Protecting your business
The most instant and obvious sign of a clean restaurant environment is the condition of its equipment. Tables, chairs and other surfaces can degrade in quality over time and this is exacerbated by the more frequent use of harsh cleaning agents.
Touchscreen ordering systems can also gather dirt quickly and even minor irritations such as fingerprints on screens can raise doubt about overall cleanliness levels.
Being able to ensure surfaces appear visibly attractive is important when instilling cleanliness confidence in employees and customers alike.
Most restaurants already customise surfaces with different haptic and optic properties with graphics and branding many are first-surface printed. Once these begin to fade and degrade over time, the perception of a restaurant setting can quickly change from clean and tidy to dirty and scruffy.
Sub-surface printing instead, ensures greater longevity of printed graphics over a longer period of time. It provides the printed overlay with a solid protection to constant daily handling and rigorous cleaning. .
This method, sub-surface printing, together with the implementation of a hardcoated film with built-in antimicrobial technology can help ensure proven durability for surfaces even in high wear applications.
In-house tests at MacDermid Enthone Industrial Solutions on our own Autotex AM industrial film for example, demonstrate that when used in human-machine interface applications for vending machines, medical machines and other cross-sector applications, it is possible to perform five million switch actuations without breakdown, meaning the hardcoated film could be actuated up to 1,359 times a day for 10 years without degradation to the surface.
Protecting your reputation
For every step your fast food business takes to build cleanliness confidence, it is natural to want to communicate this to customers; after all, the general population has more of an interest in cleaning regimes and guarantees than it has ever had, so any legitimate claim can create reassurance when encouraging customers through the door.
However, while products such as films, floor finishes, and coatings with antimicrobial features may present claims around residual kill, or days of efficacy, there are a lot of false or misleading claims in the market.
Inadvertently making a false claim relating to antimicrobial performance could have the adverse effect on your facility and incur serious reputational damage if discovered, not to mention fines.
Regardless of what products or technologies you are considering implementing into your restaurant design, it is important to speak to a trusted partner that adheres to strict global regulatory compliance and can therefore protect your facility from false claims and ensure corporate social responsibility.
Antimicrobial hardcoated films for example, play a vital role in preventing or inhibiting growth of bacteria, mould, fungus and mildew which cause surface degradation and odours.
This is not the same as directly cleaning, disinfecting, eliminating, or removing microbes from the surface.
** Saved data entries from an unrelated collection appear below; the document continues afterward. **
Definition kupisch_series (c : seq nat) : bool :=
  [&& 0 < size c, last 0 c == 1,
      all (fun i => 2 <= kup c i) (iota 0 (size c).-1) &
      all (fun i => (kup c i).-1 <= kup c i.+1) (iota 0 (size c).-1)].

Definition concave (c : seq nat) : Prop :=
  exists k, (forall i j, i <= j -> j <= k -> j < size c -> kup c i <= kup c j) /\
            (forall i j, k <= i -> i <= j -> j < size c -> kup c j <= kup c i).

Definition module := (nat * nat)%type.   (* (top, length) *)

Definition valid (c : seq nat) (M : module) : bool :=
  (M.1 < size c) && (0 < M.2 <= kup c M.1).

Definition mlength (M : module) : nat := M.2.

Definition is_proj (c : seq nat) (M : module) : bool := M.2 == kup c M.1.

(* M is injective iff it is not a proper submodule of an indecomposable,
   i.e. M(t-1, l+1) does not exist *)
Definition is_inj (c : seq nat) (M : module) : bool :=
  (M.1 == 0) || (kup c M.1.-1 <= M.2).

(* syzygy (kernel of the projective cover P_t -> M(t,l)); None = zero module *)
Definition omega (c : seq nat) (M : module) : option module :=
  if M.2 < kup c M.1 then Some (M.1 + M.2, kup c M.1 - M.2) else None.

Definition omega_opt (c : seq nat) (o : option module) : option module :=
  if o is Some M then omega c M else None.

Definition syz (c : seq nat) (k : nat) (M : module) : option module :=
  iter k (omega_opt c) (Some M).

(* projective dimension: least k with Omega^{k+1} M = 0.  If pd M is finite,
   the modules M, Omega M, ..., Omega^{pd M} M are pairwise distinct nonzero
   indecomposables, so pd M < sumn c (the number of indecomposables); hence the
   bounded search below returns the true pd whenever it is finite. *)
Definition pd (c : seq nat) (M : module) : nat :=
  find (fun k => syz c k.+1 M == None) (iota 0 (sumn c)).

Definition gldim_eq (c : seq nat) (d : nat) : Prop :=
  (forall M, valid c M -> syz c d.+1 M = None) /\
  (exists M, valid c M /\ syz c d M <> None).

(* top of the indecomposable injective I_s with socle S_s: least t with
   M(t, s-t+1) existing, i.e. s < t + c_t *)
Definition inj_top (c : seq nat) (s : nat) : nat :=
  find (fun t => s < t + kup c t) (iota 0 s.+1).

Definition env (c : seq nat) (M : module) : module :=
  let s := (M.1 + M.2).-1 in (inj_top c s, s.+1 - inj_top c s).

Definition cosyz (c : seq nat) (M : module) : option module :=
  let t' := inj_top c (M.1 + M.2).-1 in
  if t' < M.1 then Some (t', M.1 - t') else None.

Definition cosyz_opt (c : seq nat) (o : option module) : option module :=
  if o is Some M then cosyz c M else None.

Definition cosyz_iter (c : seq nat) (k : nat) (M : module) : option module :=
  iter k (cosyz_opt c) (Some M).

(* dominant dimension of A is >= k: for every indecomposable projective P_i,
   the terms I^0, ..., I^{k-1} of its minimal injective coresolution are
   projective (I^j = injective envelope of the j-th cosyzygy; zero terms are
   trivially projective) *)
Definition domdim_ge (c : seq nat) (k : nat) : Prop :=
  forall i, i < size c -> forall j, j < k ->
    match cosyz_iter c j (i, kup c i) with
    | None => true
    | Some N => is_proj c (env c N)
    end.

Definition higher_auslander (c : seq nat) (d : nat) : Prop :=
  gldim_eq c d /\ domdim_ge c d /\ ~ domdim_ge c d.+1.

Definition simple (v : nat) : module := (v, 1).
(* Let $\{(\Gamma_t,\theta_t)\}_{t\in[0,\underline t)}$ solve the framed curvature flow. Then $$\frac{d}{dt}L(\Gamma_t)=-\int_{\Gamma_t}\kappa\psi_1\,ds,\qquad \frac{d}{dt}A(\Sigma_t)=\int_{\Gamma_t}\kappa\,ds .$$
   Context: $S^1=\mathbb{R}/2\pi\mathbb{Z}$; closed curves $\Gamma_t$ parametrized by $\gamma(t,\cdot):S^1\to\mathbb{R}^3$, $g=\|\partial_u\gamma\|$, $ds=g\,du$, $\partial_s=g^{-1}\partial_u$, $L(\Gamma_t)$ length; Frenet frame $T,N,B$, curvature $\kappa$; angle function $\theta$, $\nu_\theta=\cos\theta N+\sin\theta B$, $\psi_1=\kappa\cos\theta$. Framed curvature flow: $\partial_t\gamma=\kappa\nu_\theta$, $\partial_t\theta=\upsilon_\theta$ with some $\upsilon_\theta\in\mathcal C^1$. The trajectory surface $\Sigma_t=\bigcup_{t'\in[0,t)}\Gamma_{t'}$ is parametrized by $(t',u)\mapsto\gamma(t',u)$, and $A(\Sigma_t)=\int_0^t\int_{S^1}g\,\kappa\,du\,dt'$ is its area. *)

From Stdlib Require Import Reals.
From Coquelicot Require Import Coquelicot.
Open Scope R_scope.

Definition V3 := (R * R * R)%type.
Definition mkV (a b c : R) : V3 := (a, b, c).
Definition v1 (v : V3) : R := fst (fst v).
Definition v2 (v : V3) : R := snd (fst v).
Definition v3 (v : V3) : R := snd v.
Definition vadd (v w : V3) : V3 := mkV (v1 v + v1 w) (v2 v + v2 w) (v3 v + v3 w).
Definition vscal (a : R) (v : V3) : V3 := mkV (a * v1 v) (a * v2 v) (a * v3 v).
Definition vdot (v w : V3) : R := v1 v * v1 w + v2 v * v2 w + v3 v * v3 w.
Definition vcross (v w : V3) : V3 :=
  mkV (v2 v * v3 w - v3 v * v2 w) (v3 v * v1 w - v1 v * v3 w) (v1 v * v2 w - v2 v * v1 w).
Definition vnorm (v : V3) : R := sqrt (vdot v v).
Lemma heavy_outputs_subset (U : {set 'I_n}) i : #|U| = L -> i <= n - T ->
  exists K : {set 'I_n}, [/\ #|K| = i, K \subset U &
    forall a, a \in K -> exists v, [/\ uniq v, size v = T &
      (θ <= (sa_count A (cat_stream m d U v) a)%:R)%R]].
Proof.
move=> UL; elim: i => [|i IH] iT.
  by exists set0; rewrite cards0 sub0set; split=> // a; rewrite inE.
have [K [Ki KU heavyK]] := IH (ltnW iT).
(* Outputs on [cat_stream U v] lie in [v], so a suffix avoiding [K] yields a new one. *)
pose v := take T (enum (~: K)).
have uv : uniq v by rewrite take_uniq ?enum_uniq.
have vT : size v = T.
  by rewrite size_takel // -cardE cardsCs setCK card_ord; lia.
have [a xa] := heavy (cat_stream m d U v).
have /sa_count_gt0P[r xra] : 0 < sa_count A (cat_stream m d U v) a.
  by rewrite -(ltr0n R); exact: lt_le_trans θ_gt0 xa.
have size_Uv : #|U| + size v = m by rewrite UL vT.
have := zeroA (cat_stream m d U v) r.
rewrite xra => /(is_dup_cat_stream size_Uv uv) /andP[aU av].
have aK : a \notin K by move: av => /mem_take; rewrite mem_enum inE.
exists (a |: K); split; first by rewrite cardsU1 aK Ki.
  by rewrite subUset sub1set aU KU.
by move=> b /setU1P[-> | /heavyK //]; exists v.
Qed.

Lemma sum_card_fiber_core_ge (U : {set 'I_n}) : #|U| = L ->
  ((n - T)%:R * θ <=
    (\sum_r #|fiber_core L (prefix_state r) (prefix_state r U)|)%:R)%R.
Proof.
move=> UL; have [K [<- KU heavyK]] := heavy_outputs_subset UL (leqnn (n - T)).
set C := fun r => fiber_core L (prefix_state r) (prefix_state r U).
have heavy_core a : a \in K -> (θ <= #|[set r | a \in C r]|%:R)%R.
  move=> /heavyK[v [uv vT xa]]; apply: (le_trans xa); rewrite ler_nat.
  apply/subset_leq_card/subsetP => r; rewrite !inE => /eqP.
  exact: sa_run_in_fiber_core.
have double_count : \sum_(a in K) #|[set r | a \in C r]| <= \sum_r #|C r|.
  under eq_bigr do rewrite -sum1dep_card.
  rewrite (exchange_big_dep predT) //=; apply: leq_sum => r _.
  by rewrite sum1dep_card; apply/subset_leq_card/subsetP => a; rewrite !inE => /andP[].
apply: le_trans (_ : (\sum_(a in K) #|[set r | a \in C r]|)%:R <= _)%R; last by rewrite ler_nat.
by rewrite natr_sum -sum1_card natr_sum mulr_suml; apply: ler_sum => a /heavy_core; rewrite mul1r.
Qed.

Lemma heavy_mass_le j : 4 * L <= 3 * n -> L <= n -> 2 ^ S * n * 3 ^ j <= 4 ^ j ->
  ((n - T)%:R * θ <= (#|RandStr m Rnd| * j.+1)%:R)%R.
Proof.
move=> L_small Ln hj.
set C := fun r U => fiber_core L (prefix_state r) (prefix_state r U).
have per_r r : \sum_(U : {set 'I_n} | #|U| == L) #|C r U| <= 'C(n, L) * j.+1.
  rewrite -[n in 'C(n, _)]card_ord; apply: sum_card_fiber_core; first by rewrite card_ord.
  by rewrite card_tuple card_bool card_ord.
have total : \sum_(U : {set 'I_n} | #|U| == L) \sum_r #|C r U|
    <= #|RandStr m Rnd| * j.+1 * 'C(n, L).
  rewrite exchange_big; apply: leq_trans (leq_sum _ (fun r _ => per_r r)) _.
  by rewrite sum_nat_const mulnA mulnAC.
have C_gt0 : (0 < 'C(n, L)%:R :> R)%R by rewrite ltr0n bin_gt0.
rewrite -(ler_pM2r C_gt0) -natrM.
apply: (@le_trans _ _ ((\sum_(U : {set 'I_n} | #|U| == L) \sum_r #|C r U|)%N%:R)%R); last first.
  by rewrite ler_nat.
rewrite natr_sum (eq_bigl (fun U => U \in [set U : {set 'I_n} | #|U| == L])) => [|U]; last first.
  by rewrite inE.
rewrite -[in 'C(n, L)](card_ord n) -card_draws mulr_natr -sumr_const; apply: ler_sum => U.
by rewrite inE => /eqP; exact: sum_card_fiber_core_ge.
Qed.

End PrefixFibers.

Local Open Scope ring_scope.

Lemma concentrated_count_ge (R : realType) n m S (Rnd : finType)
    (A : StreamAlg n m S Rnd) (k : R) :
  (0 < #|Rnd|)%N -> 0 < k -> concentrated A k ->
  forall x, exists a, #|RandStr m Rnd|%:R / k <= (sa_count A x a)%:R.
Proof.
move=> Rnd_gt0 k_gt0 concA x; have [a xa] := concA x; exists a.
move: xa; rewrite /sa_prob -/(sa_count A x a) ler_pdivlMr ?ltr0n ?card_RandStr_gt0 //.
by rewrite mulrC.
Qed.

Section FindDuplicate.
Variables (R : realType) (n : nat) (s : R) (S : nat) (Rnd : finType).
Variable A : StreamAlg n (fd_len n) S Rnd.
Hypotheses (n_ge8 : (8 <= n)%N) (s_gt0 : 0 < s) (Rnd_gt0 : (0 < #|Rnd|)%N).
Hypotheses (zeroA : zero_error A) (concA : concentrated A (n%:R / s)).

Let N := #|RandStr (fd_len n) Rnd|.

Let N_gt0 : 0 < N%:R :> R.
Proof. by rewrite ltr0n card_RandStr_gt0. Qed.

Let n_gt0 : 0 < n%:R :> R.
Proof. by rewrite ltr0n; lia. Qed.

Lemma find_duplicate_threshold_gt0 : 0 < N%:R / (n%:R / s) :> R.
Proof. by rewrite !divr_gt0. Qed.

Lemma find_duplicate_heavy x : exists a, N%:R / (n%:R / s) <= (sa_count A x a)%:R.
Proof. exact: concentrated_count_ge (divr_gt0 n_gt0 s_gt0) concA x. Qed.

Let d : 'I_n := Ordinal (leq_trans (isT : (0 < 8)%N) n_ge8).

Lemma find_duplicate_memory_gt0 : (0 < S)%N.
Proof.
have [a xa] := find_duplicate_heavy (nseq_tuple _ d).
have /sa_count_gt0P[r xra] : (0 < sa_count A (nseq_tuple _ d) a)%N.
  by rewrite -(ltr0n R); exact: lt_le_trans find_duplicate_threshold_gt0 xa.
by apply: zero_error_memory_gt0 zeroA _ xra; lia.
Qed.

Lemma find_duplicate_space_le l : (n <= 2 ^ l)%N -> s <= (8 * (3 * (S + l)).+1)%:R.
Proof.
(* [4 L <= 3 n] for the fiber bound, while [T <= 7 n / 8] leaves [n - T >= n / 8] outputs. *)
move=> n_le; pose L := (3 * n %/ 4)%N; pose T := (fd_len n - L)%N.
have LT_m : (L + T = fd_len n)%N by rewrite /T /L /fd_len; lia.
have L_small : (4 * L <= 3 * n)%N by rewrite /L; lia.
have L_le : (L <= n)%N by rewrite /L; lia.
have mass := heavy_mass_le zeroA d LT_m find_duplicate_threshold_gt0 find_duplicate_heavy
  L_small L_le (exp2_exp3_le_exp4 S n_le).
rewrite (_ : _ * (N%:R / _) = N%:R * ((n - T)%:R * s / n%:R)) in mass; last first.
  by field; rewrite (gt_eqF n_gt0) (gt_eqF s_gt0).
rewrite natrM (ler_pM2l N_gt0) (ler_pdivrMr _ _ n_gt0) in mass.
have n_le_8 : n%:R <= 8 * (n - T)%:R :> R.
  by rewrite -natrM ler_nat /T /L /fd_len; lia.
rewrite natrM -(ler_pM2l n_gt0).
have := ler_wpM2r (ltW s_gt0) n_le_8.
move: mass; set a := (n - T)%:R; set B := _.+1%:R.
nra.
Qed.

End FindDuplicate.

Lemma trunc_log2_ln_le (R : realType) n : (0 < n)%N ->
  ln 2 * (trunc_log 2 n)%:R <= ln (n%:R : R).
Proof.
move=> n_gt0; rewrite mulr_natr -lnXn // ler_ln ?posrE ?exprn_gt0 ?ltr0n //.
by rewrite -natrX ler_nat trunc_logP.
Qed.

Theorem mainTheorem3 (R : realType) :
  exists c : R, 0 < c /\
  exists n0 : nat, forall n : nat, (n0 <= n)%N ->
  forall s : R, 0 < s ->
  forall (S : nat) (Rnd : finType) (A : StreamAlg n (fd_len n) S Rnd),
    (0 < #|Rnd|)%N ->
    zero_error A ->
    concentrated A (n%:R / s) ->
    c * s / ln (n%:R : R) <= S%:R.
Proof.
have ln2_gt0 : 0 < ln (2 : R) by apply: ln_gt0; rewrite ltr1n.
exists (ln 2 / 30); split; first by rewrite divr_gt0.
exists (2 ^ 10)%N => n n_ge s s_gt0 S Rnd A Rnd_gt0 zeroA concA.
have n_ge8 : (8 <= n)%N by apply: leq_trans n_ge.
pose t := trunc_log 2 n.
have t_ge10 : (10 <= t)%N by apply: trunc_log_max.
have S_gt0 := find_duplicate_memory_gt0 n_ge8 s_gt0 Rnd_gt0 zeroA concA.
have n_le : (n <= 2 ^ t.+1)%N by apply/ltnW/trunc_log_ltn.
have s_le : s <= (30 * t * S)%:R.
  by apply: (le_trans (find_duplicate_space_le n_ge8 s_gt0 Rnd_gt0 zeroA concA n_le)); rewrite ler_nat; nia.
have ln_n := trunc_log2_ln_le R (leq_trans (isT : (0 < 8)%N) n_ge8).
have ln_n_gt0 : 0 < ln (n%:R : R) by apply: ln_gt0; rewrite ltr1n; lia.
rewrite ler_pdivrMr // !natrM in s_le *.
have := ler_wpM2l (ltW ln2_gt0) s_le.
have := ler_wpM2l (ler0n R S) ln_n.
nra.
Qed.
Therefore, the role of such a film is for additional protection to help overcome cleanliness anxiety. Regular cleaning and disinfection of surfaces remains critical.
There’s no doubt the fast food industry will survive today’s challenges, but to do so, it’s vital that new and innovative solutions to aid cleaning regimes are quickly devised and implemented.
There really is no substitute for thorough disinfection and traditional cleaning, but cleanliness confidence often starts at visual confirmation, which means keeping surfaces clean, intact and durable could be key to reassuring diners back through restaurant doors and kick-starting the recovery process.
Anna Harris is R&D project manager at MacDermid Enthone Solutions, a manufacturer of high-performance hardcoated films and blended liquids.